There’s a crowd gathering at the other end, a bunch of kids yelling and screaming, and Hook pushes his way through them all, and then I see it—this horrible-looking man with greasy hair and about nineteen chins, one hand raised in the air, clutching a butcher’s knife, the other holding down the arm of a sweet, little blond angel boy.

He’s squirming and crying, and I gasp at the sight of it. Jem looks over his shoulder at me as though he’s just remembered I’m there. It’s just for a second before he looks back at the unfolding situation.

“Redvers,” Jamison says in a calm voice. “Put that cleaver down. Yer bread’s not thon good.”

The man glares over at Jamison. “Wee bastard stole a loaf from me.”

“I wasn’t stealing it!” the boy cries. “I knocked it over. I was picking it up!”

“Fibbing scunner!” the baker yells and grips his cleaver tighter. I see him pull back a bit, so I cover my eyes for a moment, then peek out my fingers.

“Aye.” Jem nods and gives him a tight smile. “But I wudnae think it’s worth dying over.”
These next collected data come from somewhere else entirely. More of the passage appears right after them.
(* g in wL_q(R) : sup_{eta>0} eta^q #{j>=1 : |theta_j| > eta} <= R^q.
   The (possibly infinite) count is the increasing limit of the counts over
   {1,...,n}, so the bound is stated for every n. *)
Definition weakLq (q Rad : R) (theta : nat -> R) : Prop :=
  forall eta : R, 0 < eta -> forall n : nat,
    Rpower eta q * count_big eta theta n <= Rpower Rad q.

Definition objective (p : nat) (beta : R) (f h : nat -> R) : R :=
  Hnorm2 (Hsub f h) + beta * L1norm p h.

Definition is_argmin (p : nat) (beta : R) (f h : nat -> R) : Prop :=
  in_span p h /\
  forall g, in_span p g -> objective p beta f h <= objective p beta f g.

(* The objective splits over the coordinates of D_p into (θ_j - a_j)^2 + β|a_j|,
   so f_{p,β} is the soft thresholding of θ_1, ..., θ_p at β/2.  Hence
   ‖f_{p,β}‖_{L1} = Σ_{j≤p} (|θ_j| - β/2)_+, while ‖f - f_{p,β}‖^2 is
   Σ_{j≤p} min(|θ_j|, β/2)^2 plus the tail Σ_{j>p} θ_j^2, which the Besov condition
   bounds by R^2 (p+1)^{-2r}.  Both finite sums are cut into dyadic layers
   |θ_j| ~ 2^{±k} β/2; the weak-ℓ_q condition bounds the number of coefficients above
   each level s by R^q s^{-q}, and the resulting series are geometric with ratios
   2^{1-q} and 2^{q-2}, both < 1 since 1 < q < 2. *)

From Stdlib Require Import Reals Lra Lia Bool.
From Coquelicot Require Import Coquelicot.
Open Scope R_scope.

Lemma sum_n_m_Rmult_l (c : R) (u : nat -> R) (n m : nat) :
  sum_n_m (fun k => c * u k) n m = c * sum_n_m u n m.
Proof. exact (sum_n_m_mult_l c u n m). Qed.

Lemma sum_n_m_Rplus (u v : nat -> R) (n m : nat) :
  sum_n_m (fun k => u k + v k) n m = sum_n_m u n m + sum_n_m v n m.
Proof. exact (sum_n_m_plus u v n m). Qed.

Lemma sum_n_m_nonneg (a : nat -> R) (n m : nat) :
  (forall k, 0 <= a k) -> 0 <= sum_n_m a n m.
Proof.
  intros Ha. rewrite <- (Rmult_0_r (INR (S m - n))), <- sum_n_m_const.
  now apply sum_n_m_le.
Qed.

Lemma sum_n_m_term_le (a : nat -> R) (n m j : nat) :
  (forall k, 0 <= a k) -> (n <= j <= m)%nat -> a j <= sum_n_m a n m.
Proof.
  intros Ha Hj. induction m as [|m IH].
  - replace j with 0%nat by lia; replace n with 0%nat by lia.
    rewrite sum_n_n; lra.
  - rewrite sum_n_Sm by lia. change (plus ?x ?y) with (x + y).
    destruct (Nat.eq_dec j (S m)) as [->|Hne].
    + pose proof (sum_n_m_nonneg a n m Ha); lra.
    + pose proof (IH ltac:(lia)); pose proof (Ha (S m)); lra.
Qed.

Lemma sum_n_m_swap (A : nat -> nat -> R) (n m n' m' : nat) :
  sum_n_m (fun j => sum_n_m (fun k => A j k) n' m') n m =
  sum_n_m (fun k => sum_n_m (fun j => A j k) n m) n' m'.
Proof.
  induction m as [|m IH].
  - destruct n as [|n].
    + rewrite sum_n_n. apply sum_n_m_ext; intros k; now rewrite sum_n_n.
    + rewrite sum_n_m_zero by lia.
      rewrite (sum_n_m_ext _ (fun _ => zero)), sum_n_m_const_zero; [easy|].
      intros k; now rewrite sum_n_m_zero by lia.
  - destruct (Nat.le_gt_cases n (S m)) as [Hn|Hn].
    + rewrite sum_n_Sm, IH, <- sum_n_m_plus by lia.
      apply sum_n_m_ext; intros k; now rewrite sum_n_Sm.
    + rewrite sum_n_m_zero by lia.
      rewrite (sum_n_m_ext _ (fun _ => zero)), sum_n_m_const_zero; [easy|].
      intros k; now rewrite sum_n_m_zero by lia.
Qed.

Lemma telescope_le (g d : nat -> R) (K : nat) :
  (forall k, g k <= d k + g (S k)) -> g O <= sum_n_m d 0 K + g (S K).
Proof.
  intros Hstep. induction K as [|K IH].
  - rewrite sum_n_n. apply Hstep.
  - rewrite sum_n_Sm by lia. change (plus ?x ?y) with (x + y).
    pose proof (Hstep (S K)); lra.
Qed.

Lemma sum_geom_le (rho : R) (K : nat) : 0 <= rho < 1 ->
  sum_n_m (fun k => rho ^ k) 0 K <= / (1 - rho).
Proof.
  intros Hrho. change (sum_n_m (fun k => rho ^ k) 0 K) with (sum_n (fun k => rho ^ k) K).
  rewrite sum_n_Reals, tech3 by lra.
  pose proof (pow_le rho (S K) (proj1 Hrho)).
  unfold Rdiv. rewrite <- (Rmult_1_l (/ (1 - rho))) at 2.
  apply Rmult_le_compat_r; [apply Rlt_le, Rinv_0_lt_compat|]; lra.
Qed.

Lemma le_of_le_plus_geom (x y c rho : R) : 0 <= rho < 1 ->
  (forall K, x <= y + c * rho ^ K) -> x <= y.
Proof.
  intros Hrho Hx. apply Rle_plus_epsilon. intros eps Heps.
  set (M := Rabs c + 1).
  assert (HM : 0 < M) by (pose proof (Rabs_pos c); unfold M; lra).
  destruct (pow_lt_1_zero rho ltac:(rewrite Rabs_pos_eq; lra) (eps / M))
    as [N HN]; [apply Rdiv_lt_0_compat; lra|].
  specialize (HN N (le_n N)). specialize (Hx N).
  assert (Hsmall : M * Rabs (rho ^ N) <= eps).
  { apply (Rmult_lt_compat_l M) in HN; [|lra].
    replace (M * (eps / M)) with eps in HN by (field; lra). lra. }
  pose proof (Rle_abs (c * rho ^ N)) as Habs. rewrite Rabs_mult in Habs.
  pose proof (Rabs_pos (rho ^ N)). unfold M in Hsmall. nra.
Qed.

Lemma Rpower_gt_0 (x e : R) : 0 < Rpower x e.
Proof. apply exp_pos. Qed.

Lemma Rpower_inv (x e : R) : 0 < x -> Rpower (/ x) e = Rpower x (- e).
Proof. intros Hx. unfold Rpower. rewrite ln_Rinv by lra. f_equal; ring. Qed.

Lemma Rpower_lt_1 (b e : R) : 0 < b < 1 -> 0 < e -> Rpower b e < 1.
Proof.
  intros Hb He. unfold Rpower. rewrite <- exp_0. apply exp_increasing.
  assert (ln b < 0) by (rewrite <- ln_1; apply ln_increasing; lra). nra.
Qed.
The baker glances over at Jem, then gives him a sinister smile. “I’m not going to kill him. Just a hand.”

Jamison shrugs. “Aye, but see, then I’d have to kill ye, so…”

The baker peers over at Hook right as he takes out his pistol and points it straight at the baker’s horrible head.
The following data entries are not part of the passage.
(* For every integer $k\ge 2$, the Zielonka graph $\vec Z_k$ is splitable: there is an oriented graph $\vec T$ on $k\cdot 2^{k-2}$ vertices such that $\vec Z_k$ is isomorphic to the anti-twinned graph $R(\vec T)$.
   Context: For $k\ge 1$ the Zielonka graph $\vec Z_k$ has vertex set $S_1\cup\dots\cup S_k$, where $S_i$ is the set of $k$-tuples $x=(x^1,\dots,x^k)$ with $x^i=*$ and $x^j\in\{0,1\}$ for $j\neq i$ (so $\vec Z_k$ has $k\cdot 2^{k-1}$ vertices). For $x\in S_i$ and $y\in S_j$ with $i\neq j$, there is an arc $xy$ if and only if either ($i<j$ and $x^j=y^i$) or ($i>j$ and $x^j\neq y^i$); there are no other arcs. Given an oriented graph $\vec T$ with vertex set $\{v_1,\dots,v_n\}$, its anti-twinned graph $R(\vec T)$ is the oriented graph with vertex set $\{v_1,\dots,v_n\}\cup\{v_1',\dots,v_n'\}$ and arc set $\{v_iv_j,\ v_i'v_j',\ v_jv_i',\ v_j'v_i : v_iv_j\text{ an arc of }\vec T\}$. An oriented graph is splitable if it is isomorphic to $R(\vec T)$ for some oriented graph $\vec T$. *)

From mathcomp Require Import all_boot.
Set Implicit Arguments. Unset Strict Implicit. Unset Printing Implicit Defensive.

(* A k-tuple over {0,1,*}: coordinate j is [Some b] for b in {0,1}, [None] for *. *)
Definition ztuple (k : nat) := {ffun 'I_k -> option bool}.

Definition zvalid (k : nat) (x : ztuple k) : bool :=
  #|[pred j | x j == None]| == 1.

Definition zvert (k : nat) := {x : ztuple k | zvalid x}.

Definition zarc (k : nat) (x y : zvert k) : bool :=
  [exists i : 'I_k, exists j : 'I_k,
     [&& (val x i == None), (val y j == None), (i != j) &
      (((i < j)%N && (val x j == val y i)) || ((j < i)%N && (val x j != val y i)))]].

Definition oriented (V : finType) (e : rel V) : Prop :=
  (forall v, ~~ e v v) /\ (forall u v, e u v -> ~~ e v u).

(* Anti-twinned graph R(T): vertices inl v_i (= v_i) and inr v_i (= v_i');
   arcs v_i v_j, v_i' v_j', v_j v_i', v_j' v_i for each arc v_i v_j of T. *)
Definition antitwin (V : finType) (e : rel V) : rel (V + V) :=
  fun a b =>
    match a, b with
    | inl i, inl j => e i j
    | inr i, inr j => e i j
    | inl j, inr i => e i j
    | inr j, inl i => e i j
    end.

From mathcomp Require Import all_boot zify.
Set Implicit Arguments. Unset Strict Implicit. Unset Printing Implicit Defensive.

(* Flipping every bit of a vertex of Z_k is an involution s with
   x -> s y an arc iff y -> x is one.  Any oriented graph with such an
   involution, together with a half H of its vertices exchanged with its
   complement by s, is R(T) for T its restriction to H: the vertices of H
   play the v_i and their images under s the v_i'.  For Z_k one may take for
   H the vertices whose first coordinate other than * is 0. *)

Section AntitwinCriterion.
Variables (V : finType) (e : rel V) (s : V -> V) (half : pred V) (n : nat).
Hypotheses (sK : involutive s) (e_s : forall x y, e x (s y) = e y x)
  (half_s : forall x, half (s x) = ~~ half x) (e_oriented : oriented e)
  (card_V : #|V| = n + n).

Lemma e_ss x y : e (s x) (s y) = e x y.
Proof. by rewrite e_s e_s. Qed.

Lemma e_sl x y : e (s x) y = e y x.
Proof. by rewrite -{1}(sK y) e_ss e_s. Qed.

Lemma card_half : #|half| = n.
Proof.
have card_predC : #|[predC half]| = #|half|.
  rewrite -(card_image (inv_inj sK)); apply: eq_card => x; rewrite inE.
  apply/idP/imageP => [nhx | [y hy ->]].
    by exists (s x); rewrite ?sK // unfold_in half_s.
  by move: hy; rewrite !unfold_in half_s => ->.
by move: card_V; rewrite -(cardC half) card_predC; lia.
Qed.

Definition half_enum (i : 'I_n) : V := enum_val (cast_ord (esym card_half) i).

Lemma half_enumP i : half (half_enum i).
Proof. exact: (enum_valP (A := half)). Qed.

Lemma half_enum_inj : injective half_enum.
Proof. by move=> i j /enum_val_inj /cast_ord_inj. Qed.

Definition antitwin_embed (u : 'I_n + 'I_n) : V :=
  match u with inl i => half_enum i | inr i => s (half_enum i) end.

Lemma antitwin_embed_bij : bijective antitwin_embed.
Proof.
apply: inj_card_bij; last by rewrite card_sum card_ord card_V.
have half_enum_s i j : half_enum i <> s (half_enum j).
  by move=> eij; move: (half_enumP i); rewrite eij half_s half_enumP.
case=> i [] j /= eij.
- by rewrite (half_enum_inj eij).
- by case: (half_enum_s _ _ eij).
- by case: (half_enum_s _ _ (esym eij)).
- by rewrite (half_enum_inj (inv_inj sK eij)).
Qed.

Definition half_rel (i j : 'I_n) : bool := e (half_enum i) (half_enum j).

Lemma half_rel_oriented : oriented half_rel.
Proof. by case: e_oriented => irr asym; split=> [i | i j]; [exact: irr | exact: asym]. Qed.

Lemma antitwin_embedE u v :
  e (antitwin_embed u) (antitwin_embed v) = antitwin half_rel u v.
Proof. by case: u => i; case: v => j; rewrite /= ?e_ss ?e_s ?e_sl. Qed.

Lemma antitwin_of_involution :
  exists T : rel 'I_n, oriented T /\
    exists f : V -> 'I_n + 'I_n, bijective f /\
      forall x y, e x y = antitwin T (f x) (f y).
Proof.
exists half_rel; split; first exact: half_rel_oriented.
have [f embedK fK] := antitwin_embed_bij.
exists f; split; first by exists antitwin_embed.
by move=> x y; rewrite -antitwin_embedE !fK.
Qed.

End AntitwinCriterion.

Definition zflip_tuple k (x : ztuple k) : ztuple k := [ffun j => omap negb (x j)].

Lemma zvalid_flip k (x : ztuple k) : zvalid x -> zvalid (zflip_tuple x).
Proof.
by rewrite /zvalid => /eqP <-; apply/eqP/eq_card => j; rewrite !inE ffunE; case: (x j).
Qed.

Definition zflip k (x : zvert k) : zvert k := exist (fun y => zvalid y) _ (zvalid_flip (valP x)).

Lemma zflipE k (x : zvert k) j : val (zflip x) j = omap negb (val x j).
Proof. by rewrite ffunE. Qed.

Lemma zflipK k : involutive (@zflip k).
Proof. by move=> x; apply/val_inj/ffunP => j; rewrite !zflipE; case: (val x j) => [[]|]. Qed.

Definition zbit k (x : zvert k) (j : 'I_k) : bool := val x j == Some true.

Section ZielonkaStar.
Variable m : nat.
Local Notation k := m.+1.

Definition zstar (x : zvert k) : 'I_k := odflt ord0 [pick j | val x j == None].

Lemma zstarE (x : zvert k) j : (val x j == None) = (j == zstar x).
Proof.
have /card1P [a xa] := valP x.
have none_a y : (val x y == None) = (y == a) by have := xa y; rewrite !inE.
have -> : zstar x = a.
  by rewrite /zstar; case: pickP => [b | /(_ a)] /=; rewrite none_a ?eqxx // => /eqP.
exact: none_a.
Qed.

Lemma zvert_star (x : zvert k) : val x (zstar x) = None.
Proof. by apply/eqP; rewrite zstarE. Qed.

Lemma zvert_bit (x : zvert k) j : j != zstar x -> val x j = Some (zbit x j).
Proof. by rewrite -zstarE /zbit; case: (val x j) => [[]|]. Qed.

Lemma zstar_flip (x : zvert k) : zstar (zflip x) = zstar x.
Proof. by apply/eqP; rewrite eq_sym -zstarE zflipE zvert_star. Qed.

Lemma zbit_flip (x : zvert k) j : j != zstar x -> zbit (zflip x) j = ~~ zbit x j.
Proof. by move=> /zvert_bit xj; rewrite /zbit zflipE xj; case: zbit. Qed.

Lemma zarcE (x y : zvert k) :
  zarc x y = (zstar x != zstar y) &&
             ((zstar x < zstar y)%N == (zbit x (zstar y) == zbit y (zstar x))).
Proof.
apply/existsP/andP => [[i /existsP [j]] | [ij arc]].
  rewrite !zstarE => /and4P [/eqP -> /eqP -> ij arc]; split=> //.
  have ji : zstar y != zstar x by rewrite eq_sym.
  move: arc; rewrite (zvert_bit ij) (zvert_bit ji).
  by case: (zbit x _); case: (zbit y _); case: ltngtP.
exists (zstar x); apply/existsP; exists (zstar y).
have ji : zstar y != zstar x by rewrite eq_sym.
rewrite !zvert_star eqxx ij /= (zvert_bit ij) (zvert_bit ji).
by move: arc ij; case: (zbit x _); case: (zbit y _);
  case: ltngtP => [_|_|/val_inj->]; rewrite ?eqxx.
Qed.

Lemma zarc_oriented : oriented (@zarc k).
Proof.
split=> [x | x y]; rewrite !zarcE; first by rewrite eqxx.
rewrite [zstar y == _]eq_sym [zbit y _ == _]eq_sym.
by case: ltngtP => [_|_|/val_inj->]; case: (zbit x _ == _); rewrite ?eqxx ?andbF ?andbT.
Qed.

Lemma zarc_flipr (x y : zvert k) : zarc x (zflip y) = zarc y x.
Proof.
rewrite !zarcE zstar_flip [zstar y == _]eq_sym.
have [ij | //] := boolP (zstar x != zstar y).
rewrite (zbit_flip ij) /=.
by case: ltngtP ij => [_|_|/val_inj->]; rewrite ?eqxx //; case: zbit; case: zbit.
Qed.

Definition zvert_of_star (p : 'I_k * {ffun 'I_m -> bool}) : ztuple k :=
  [ffun j => omap p.2 (unlift p.1 j)].

Lemma zvalid_of_star p : zvalid (zvert_of_star p).
Proof.
apply/card1P; exists p.1 => j; rewrite !inE ffunE.
by case: unliftP => [j' -> | ->]; rewrite ?eqxx // [RHS]eq_sym (negbTE (neq_lift _ _)).
Qed.

Definition zdecode p : zvert k := exist (fun y => zvalid y) _ (zvalid_of_star p).

Definition zencode (x : zvert k) : 'I_k * {ffun 'I_m -> bool} :=
  (zstar x, [ffun j => zbit x (lift (zstar x) j)]).

Lemma zencodeK : cancel zencode zdecode.
Proof.
move=> x; apply/val_inj/ffunP => j; rewrite ffunE /=.
case: unliftP => [j' -> | ->]; last exact/esym/zvert_star.
by rewrite /= ffunE zvert_bit // eq_sym neq_lift.
Qed.

Lemma zdecodeK : cancel zdecode zencode.
Proof.
move=> [i g]; have star_i : zstar (zdecode (i, g)) = i.
  by apply/esym/eqP; rewrite -zstarE ffunE unlift_none.
rewrite /zencode star_i; congr pair; apply/ffunP => j.
by rewrite !ffunE /zbit ffunE liftK /=; case: (g j).
Qed.

Lemma card_zvert : #|{: zvert k}| = k * 2 ^ m.
Proof.
rewrite (bij_eq_card (Bijective zencodeK zdecodeK)).
by rewrite card_prod card_ord card_ffun card_bool card_ord.
Qed.

End ZielonkaStar.

Definition zhalf m (x : zvert m.+2) : bool := ~~ zbit x (lift (zstar x) ord0).

Lemma zhalf_flip m (x : zvert m.+2) : zhalf (zflip x) = ~~ zhalf x.
Proof. by rewrite /zhalf zstar_flip zbit_flip // eq_sym neq_lift. Qed.

Theorem mainTheorem7 (k : nat) (hk : (2 <= k)%N) :
  exists T : rel 'I_(k * 2 ^ (k - 2)),
    oriented T /\
    exists f : zvert k -> 'I_(k * 2 ^ (k - 2)) + 'I_(k * 2 ^ (k - 2)),
      bijective f /\ forall x y, zarc x y = antitwin T (f x) (f y).
Proof.
case: k hk => [|[|m]] // _.
apply: (antitwin_of_involution (@zflipK _) (@zarc_flipr _) (@zhalf_flip m)).
- exact: zarc_oriented.
- by rewrite card_zvert expnS !subSS subn0 mulnCA mul2n addnn.
Qed.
But then something happens that I don’t think Jamison was prepared for.

Another boy—older than the sweet, little blond one, maybe thirteen or fourteen—appears with a gun of his own, pointing it at Jamison.
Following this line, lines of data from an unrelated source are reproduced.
Lemma cornerA_mxsub (T : Type) n m p (r : 'I_p -> 'I_n) (c : 'I_p -> 'I_m) (A : 'M[T]_(n, m)) k :
  cornerA (mxsub r c A) k = mxsub (r \o corner_shift k) (c \o corner_shift k) A.
Proof. by apply/matrixP => a b; rewrite !mxE. Qed.

Lemma minor_mxsub (D : unitRingType) n m p (r : 'I_p.+1 -> 'I_n) (c : 'I_p.+1 -> 'I_m)
    (A : 'M[D]_(n, m)) :
  minor_ij (mxsub r c A) ord0 ord0 = mxsub (r \o lift ord0) (c \o lift ord0) A.
Proof. by apply/matrixP => a b; rewrite !mxE. Qed.

Section QGenericMatrix.
Variables (K : fieldType) (D : unitRingType) (f : {rmorphism K -> D}) (q : K).
Hypotheses (q_neq0 : q != 0) (f_central : forall (a : K) (x : D), f a * x = x * f a).
Variables (n m : nat) (X : 'M[D]_(n, m)).
Hypothesis X_qgen : q_generic (f q) X.

Local Notation qweight := (qweight f q).
Local Notation qminor2 := (qminor2 f q).
Local Notation qdetq := (qdetq f q).

Lemma qminor2_same_row (i : 'I_n) (k l : 'I_m) : (k < l)%N -> qminor2 X i i k l = 0.
Proof.
case: X_qgen => row_rel _ _ _ kl.
by rewrite /qminor2 (row_rel _ _ _ kl) !mulrA qweight1_mulq // mulN1r mulNr addrN.
Qed.

Lemma qminor2_swap_rows (i j : 'I_n) (k l : 'I_m) : (i < j)%N -> (k < l)%N ->
  qminor2 X j i k l = qweight 1 * qminor2 X i j k l.
Proof.
case: X_qgen => _ _ cross_rel twist_rel ij kl.
rewrite /qminor2 (cross_rel _ _ _ _ ij kl) (twist_rel _ _ _ _ ij kl).
rewrite -rmorphV ?unitfE // -rmorphB -mulrA.
set x := X i k * X j l; set y := X i l * X j k.
rewrite !mulrDr !mulrA /qweight -!rmorphM addrCA; congr (_ + _).
(* 1 + (-q)^-1 (q - q^-1) = ((-q)^-1)^2 *)
rewrite -!mulrA -/y -{1}(mul1r y) -(rmorph1 f) -mulrDl -rmorphD; congr (f _ * _).
by field; rewrite oppr_eq0 q_neq0.
Qed.

Section AdjacentRows.
Variables (p : nat) (c : 'I_p -> 'I_m) (s0 s1 : 'I_p).
Hypotheses (c_incr : {homo c : a b / (a < b)%N}) (s1_succ : s1 = s0.+1 :> nat).

Lemma qdetq_mxsub_adj_eq_rows (r : 'I_p -> 'I_n) : r s0 = r s1 -> qdetq (mxsub r c X) = 0.
Proof.
move=> r01; rewrite -[0](mul0r (qdetq (mxsub r c X))) -(rmorph0 f).
apply: (qdetq_adj_rows f_central s1_succ) => // t t01.
by rewrite rmorph0 mul0r qminor2_mxsub r01 qminor2_same_row // c_incr.
Qed.

Lemma qdetq_mxsub_adj_swap (r : 'I_p -> 'I_n) : (r s0 < r s1)%N ->
  qdetq (mxsub (r \o tperm s0 s1) c X) = qweight 1 * qdetq (mxsub r c X).
Proof.
move=> r01; apply: (qdetq_adj_rows f_central s1_succ) => [i j i0 i1|t t01].
  by rewrite !mxE /= tpermD // eq_sym.
by rewrite !qminor2_mxsub /= tpermL tpermR qminor2_swap_rows // c_incr.
Qed.
End AdjacentRows.

Lemma qdetq_mxsub_eq_rows p (r : 'I_p -> 'I_n) (c : 'I_p -> 'I_m) (i j : 'I_p) :
  {homo c : a b / (a < b)%N} -> i != j -> r i = r j -> qdetq (mxsub r c X) = 0.
Proof.
move=> c_incr i_neq_j rij; wlog ij : i j i_neq_j rij / (i < j)%N.
  move=> hw; have := i_neq_j; rewrite neq_ltn => /orP[ij|ji]; first exact: (hw i j).
  by apply: (hw j i _ (esym rij) ji); rewrite eq_sym.
clear i_neq_j; have [d jd] : exists d, j = (i + d.+1)%N :> nat by exists (j - i.+1)%N; lia.
elim: d r i j ij jd rij => [|d IH] r i j ij jd rij.
  by apply: (qdetq_mxsub_adj_eq_rows c_incr _ rij); lia.
have j'p : (j.-1 < p)%N by move: (ltn_ord j); lia.
pose j' := Ordinal j'p; have jj' : j = j'.+1 :> nat by rewrite /= jd addnS.
(* Swapping rows j-1 and j brings the repeated row one step closer to row i. *)
pose r' := r \o tperm j' j.
have r'0 : qdetq (mxsub r' c X) = 0.
  have [j'i ji] : j' != i /\ j != i by rewrite -!val_eqE /=; split; lia.
  apply: (IH r' i j') => /=; [lia | lia | by rewrite /r' /= tpermL tpermD].
case: (ltngtP (r j') (r j)) => r_j'j.
- by apply: (mulrI (qweight_unit f 1 q_neq0)); rewrite mulr0 -(qdetq_mxsub_adj_swap c_incr jj').
- have -> : mxsub r c X = mxsub (r' \o tperm j' j) c X.
    by apply/matrixP => a b; rewrite !mxE /r' /= tpermK.
  by rewrite (qdetq_mxsub_adj_swap c_incr jj') ?r'0 ?mulr0 // /r' /= tpermL tpermR.
- exact/(qdetq_mxsub_adj_eq_rows c_incr jj')/val_inj.
Qed.

Lemma qdetq_mxsub_qdet_minor p (r : 'I_p.+1 -> 'I_n) (c : 'I_p.+1 -> 'I_m) :
  {homo c : a b / (a < b)%N} -> qdet_defined (mxsub r c X) ord0 ord0 ->
  qdetq (mxsub r c X) = qdet (mxsub r c X) ord0 ord0 * qdetq (minor_ij (mxsub r c X) ord0 ord0).
Proof.
move=> c_incr B_inv; set M := mxsub r c X; set B := minor_ij M ord0 ord0.
have [BBi BiB] : is_inverse B (inv_nc B) by apply: epsilon_spec.
set v := qcofactors f q M; have expand := qdetq_expand_row0_update q f_central M.
have M_expand : qdetq M = M ord0 ord0 * qdetq B + (col' ord0 (row ord0 M) *m v) 0 0.
  transitivity (qdetq (\matrix_(i, j) if i == ord0 then row ord0 M 0 j else M i j)).
    by congr qdetq; apply/matrixP => i j; rewrite !mxE; case: eqP => // ->.
  by rewrite expand mxE.
(* [M (lift ord0 t) ord0 * qdetq B + (B *m v) t 0] expands along row 0 the matrix M with
   row 0 replaced by row t.+1, which has two equal rows. *)
have Bv t : (B *m v) t 0 = - (M (lift ord0 t) ord0 * qdetq B).
  have := expand (row (lift ord0 t) M).
  set N := \matrix_(i, j) _.
  have -> : N = mxsub (fun a => r (if a == ord0 then lift ord0 t else a)) c X.
    by apply/matrixP => i j; rewrite !mxE; case: eqP.
  rewrite (@qdetq_mxsub_eq_rows _ _ _ ord0 (lift ord0 t)) //=.
  move/esym/eqP; rewrite addrC addr_eq0 [row _ _ _ _]mxE => /eqP <-; rewrite !mxE.
  by apply: eq_bigr => j _; rewrite !mxE.
rewrite M_expand (_ : v = inv_nc B *m (B *m v)); last by rewrite mulmxA BiB mul1mx.
rewrite (mulmxA (col' ord0 (row ord0 M))) /qdet mulrBl; congr (_ + _).
rewrite [X in - (X * _)]mxE big_distrl -sumrN mxE; apply: eq_bigr => t _.
by rewrite Bv !mxE mulrN mulrA.
Qed.

Lemma qdetq_mxsub_prod_qdet p (r : 'I_p -> 'I_n) (c : 'I_p -> 'I_m) :
  {homo c : a b / (a < b)%N} -> (forall k, qdet_defined (cornerA (mxsub r c X) k) ord0 ord0) ->
  qdetq (mxsub r c X) = \prod_(k < p) qdet (cornerA (mxsub r c X) k) ord0 ord0.
Proof.
elim: p r c => [|p IH] r c c_incr defined; first by rewrite qdetq0 big_ord0.
(* [csz p.+1 0] only reduces to [(p - 0).+1], hence the casts. *)
have e0 : p.+1 = csz p.+1 0 by rewrite /csz subSS subn0.
have e1 : (csz p.+1 0).-1 = p by rewrite /csz subSS subn0.
have c0_incr : {homo c \o corner_shift ord0 : a b / (a < b)%N}.
  by move=> a b ab; apply/c_incr/corner_shift_incr.
have := qdetq_mxsub_qdet_minor (r := r \o corner_shift ord0) c0_incr.
rewrite -cornerA_mxsub => /(_ (defined ord0)) factor0.
rewrite big_ord_recl (qdetq_cast f q (e := e0) (M2 := cornerA (mxsub r c X) ord0)); last first.
  by move=> i j; rewrite !mxE; congr (X (r _) (c _)); apply: val_inj.
rewrite factor0; congr (_ * _).
under eq_bigr do rewrite cornerA_lift0 minor_mxsub.
rewrite -IH => [||k]; last first.
  by rewrite -minor_mxsub -cornerA_lift0; exact: (defined (lift ord0 k)).
- by move=> a b ab; exact: (c_incr (lift ord0 a) (lift ord0 b) ab).
- apply: (qdetq_cast f q (e := e1)) => i j.
  by rewrite !mxE; congr (X (r _) (c _)); apply: val_inj.
Qed.
End QGenericMatrix.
“Put your gun down,” he tells Hook, voice shaking as he does. He’s got the same pinkish skin, the same greasy sheen as the baker. It’s his son, for certain.

I inhale sharply, nervous. A teensy bit because I don’t want Jamison to kill yet another person but a lot because I definitely don’t want another person killing Jamison.

“Milton!” the baker growls, looking scared himself now. “No, put it away.”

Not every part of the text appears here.